Friday, October 20, 2006

Moore's law for development

It's been a long time coming, but developers will no longer get to continue with Moore's law 'for free'.

For anyone that doesn't know about Moore's law (named after Gordon Moore, one of Intel's founders), it states that computers will double in performance* per dollar spent roughly every 18 months. This actually equates to a hundred fold improvement every ten years, or around a million times faster every thirty years.

There's an interesting image on Wikipedia which shows that this 'law' has held since 1900 when electromechanical devices somehow managed to achieve an amazing 1 calculation per second for every 10 million dollars spent. Nowdays we have Pentium 4 chips that carry out over 25 Billion operations every second for a few hundred dollars.

Developers have had it pretty easy during the last 100 years or so - chips get faster, and so does their software (although they seem to keep finding ways of slowing it down with new 'features'!). But not any more.

Intel and AMD are struggling to make a single core chip run at higher speeds. There seems to be a limit to how fast you can run a chip, and this limit is caused by the heat generated. So they are looking for other ways to deliver performance.

The biggest trend is now in multi-core chips. Most chips from Intel and AMD now run two core chips - the equivilent of having two processors instead of just one. This trend looks set to continue, with Intel having just released a four core chip, and the Cell Chip (which will be the PS3's CPU) having nine cores in total. Intel are talking about chips with 80 cores or more in future.

The problem at the moment is most developers write programs that only run on a single core, so when you have a program churning away on your 100 core desktop in several years time, it will only have access to 1% of the computers computing resource.

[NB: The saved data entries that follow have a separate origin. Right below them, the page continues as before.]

(* The variational inequality in the direction of [e_j], where [|.|^p] has derivative [0]. *)
Lemma minimizer_zero_coord N A y x j : is_minimizer m N p lam A y x -> (j < N)%nat -> x j = 0 ->
  rsum m (fun i => A i j * (y i - matvec N A x i)) = 0.
Proof.
  intros Hx Hj Hx0. set (c := rsum m (fun i => A i j * (y i - matvec N A x i))).
  assert (Hs : forall s, s * c <= lam * abspow p s).
  { intros s. pose proof (minimizer_variational N A y x Hx (upd x j s)) as H.
    rewrite (rsum_ext m _ (fun i => s * (A i j * (y i - matvec N A x i)))), rsum_scal in H.
    - rewrite <- Rmult_minus_distr_l, penalty_upd, Hx0, abspow_0 in H by auto. fold c in H. lra.
    - intros i _. rewrite matvec_upd, Hx0 by auto. ring. }
  destruct (Rtotal_order c 0) as [Hc|[Hc|Hc]]; auto; exfalso.
  - destruct (abspow_lt_linear p lam (- c) hp hlam ltac:(lra)) as [s [Hs0 Hs1]].
    pose proof (Hs (- s)). rewrite <- (abspow_abs p (- s)), Rabs_Ropp, Rabs_right in H by lra.
    lra.
  - destruct (abspow_lt_linear p lam c hp hlam ltac:(lra)) as [s [Hs0 Hs1]].
    pose proof (Hs s). lra.
Qed.

Lemma minimizer_zero_residual N A y x : is_minimizer m N p lam A y x ->
  (forall i, (i < m)%nat -> y i = matvec N A x i) -> forall i, (i < m)%nat -> y i = 0.
Proof.
  intros Hx Hr i Hi.
  pose proof (minimizer_variational N A y x Hx (fun _ => 0)) as H.
  rewrite (rsum_ext m _ (fun _ => 0)) in H by (intros k Hk; rewrite Hr; auto; ring).
  rewrite (rsum_ext N (fun j => abspow p 0) (fun _ => 0)), !rsum_0 in H by (intros; apply abspow_0).
  assert (Hpen : penalty N x = 0) by (pose proof (penalty_nonneg N x); nra).
  assert (Hx0 : forall k, (k < N)%nat -> x k = 0).
  { intros k Hk. apply (abspow_eq0 p).
    pose proof (rsum_term_le N (fun j => abspow p (x j)) k (fun _ _ => abspow_nonneg _ _) Hk).
    pose proof (abspow_nonneg p (x k)). simpl in *. lra. }
  rewrite Hr, (matvec_ext N A x (fun _ => 0)), matvec_0; auto.
Qed.
(* Let $A_0$ be a commutative ring, $d_1,\dots,d_g\in\mathbb{N}$, and let $A=A_0[Y_1,\dots,Y_g]$ be $\mathbb{Z}^2$-graded by $\deg Y_j=(d_j,1)$. Let $F$ be a finitely generated $\mathbb{Z}^2$-graded free $A$-module with homogeneous basis $e_1,\dots,e_p$, let $<$ be a monomial order on $F$, and let $U$ be a $\mathbb{Z}^2$-graded $A$-submodule of $F$. Then $\rho_{F/U}(v)=\rho_{F/\operatorname{in}_<(U)}(v)$ for all $v\in\mathbb{Z}$.
   Context: For a $\mathbb{Z}^2$-graded $A$-module $N$ and $v\in\mathbb{Z}$, $\rho_N(v)=\sup\{i\in\mathbb{Z} : N_{(i,v)}\neq0\}\in\mathbb{Z}\cup\{\pm\infty\}$. Monomials of $F$ are the elements $Y^\alpha e_k$ ($\alpha\in\mathbb{N}^g$); a monomial order on $F$ is a well-ordering of these monomials compatible with multiplication by monomials of $A$ (if $Y^\alpha e_k<Y^\beta e_l$ then $Y^\gamma Y^\alpha e_k<Y^\gamma Y^\beta e_l$). Writing a nonzero $u\in F$ as an $A_0$-linear combination of distinct monomials, its leading term $\operatorname{in}_<(u)=aY^\alpha e_k$ is the largest monomial occurring together with its (nonzero) coefficient $a\in A_0$. $\operatorname{in}_<(U)$ is the $A_0$-submodule of $F$ generated by the leading terms (with coefficients) of all nonzero elements of $U$; it is an $A$-submodule of $F$. *)

From HB Require Import structures.
From mathcomp Require Import all_boot all_order all_algebra.
From mathcomp Require Import mpoly.
Set Implicit Arguments. Unset Strict Implicit. Unset Printing Implicit Defensive.
Import Order.TTheory GRing.Theory Num.Theory.
Local Open Scope ring_scope.

(* Monomials Y^alpha e_k of F, encoded as pairs (alpha, k). *)
Definition mon (g p : nat) := ('X_{1..g} * 'I_p)%type.

(* Elements of the free module F = A^p, A = A0[Y_1..Y_g]: a p-tuple of
   polynomials (component k = coefficient of e_k). *)
Definition fmod (R : comNzRingType) (g p : nat) := {ffun 'I_p -> {mpoly R[g]}}.

Definition fcoef (R : comNzRingType) g p (u : fmod R g p) (m : mon g p) : R :=
  (u m.2)@_(m.1).

(* Z^2-degree of Y^alpha e_k: deg e_k = (a k, b k), deg Y_j = (d j, 1). *)
Definition mdeg2 g p (d : 'I_g -> nat) (a b : 'I_p -> int) (m : mon g p)
  : int * int :=
  (a m.2 + ((\sum_(j < g) (m.1 j * d j))%N)%:Z, b m.2 + (mdeg m.1)%:Z).

Definition is_homog (R : comNzRingType) g p d a b (i v : int) (u : fmod R g p) :=
  forall m : mon g p, fcoef u m != 0 -> @mdeg2 g p d a b m = (i, v).

Definition hcomp (R : comNzRingType) g p d a b (delta : int * int)
  (u : fmod R g p) : fmod R g p :=
  [ffun k => \sum_(al <- msupp (u k) | @mdeg2 g p d a b (al, k) == delta)
               (u k)@_al *: 'X_[al]].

This has got to change, and developers need to start thinking about multi-threaded applications that will take advantage of whatever the computer has to offer. This isn't as easy as flicking a switch - sometimes a multi-threaded application needs to be built from the ground up, as the logic can be quite different.

For (a trivial) example, a program to add a thousand numbers together looks something like this :

for loop=1 to 1000
{
x=x+y
}

with a multi-threaded application, it is more like :

work out how many threads you need (perhaps query the abilities of the computer)
split the job into small chunks (say 10 sums at once)
while there is work to do
{
start lots of threads to add 10 numbers at a time. Each thread would have logic similar to the job above.
}
The first time you go round this loop you will end up with 100 'results'. You then need to go back round again to add these together to get 10 results, and one more time to get the final answer.


As you can see, the second example is an order of magnitude more complex, and that's not even taking into account areas such as thread locking and concurrant access to resources, which make it far more complex still. I'd urge anyone writing real programs for a living to start at least playing with multi-threaded apps, before you get left behind.

* Moore's law actually refers to transistor count, but most people use it as a mark of performance.

1 comment:

James Frost said...

at the moment you are right, but only because programmers are lazy. If one core is running the audio, and another doing plug ins, then what happens when there are no plug-ins to process, or what if the plug-ins become the bottleneck? These tasks should be allocated dynamically based on the workload in each area.

Of course that assumes that each of the tasks can be multi-tasked. Some inter-dependant tasks may be more difficult.

When you consider some of the possibilities raised by using the GPU instead of the CPU then we are already in the territory of having a huge number of cores

http://www.nforcershq.com/article1853.html has an example for audio effects processing, where they are getting 8X the performance of a single core desktop chip. That is only achieved by effectivly working on many tasks in parallel. ATI's latest cards have 48 shader units which are in effect specialised cores.

Anandtech has an article where they talk about the speed improvements for the Folding@home application as another example here : http://www.anandtech.com/video/showdoc.aspx?i=2849 . Claimed performance improvement is 20-40 times a desktop chip.

I think with clever algorthms, almost any application can split into multi-core, and it is in this area that developers need to start working.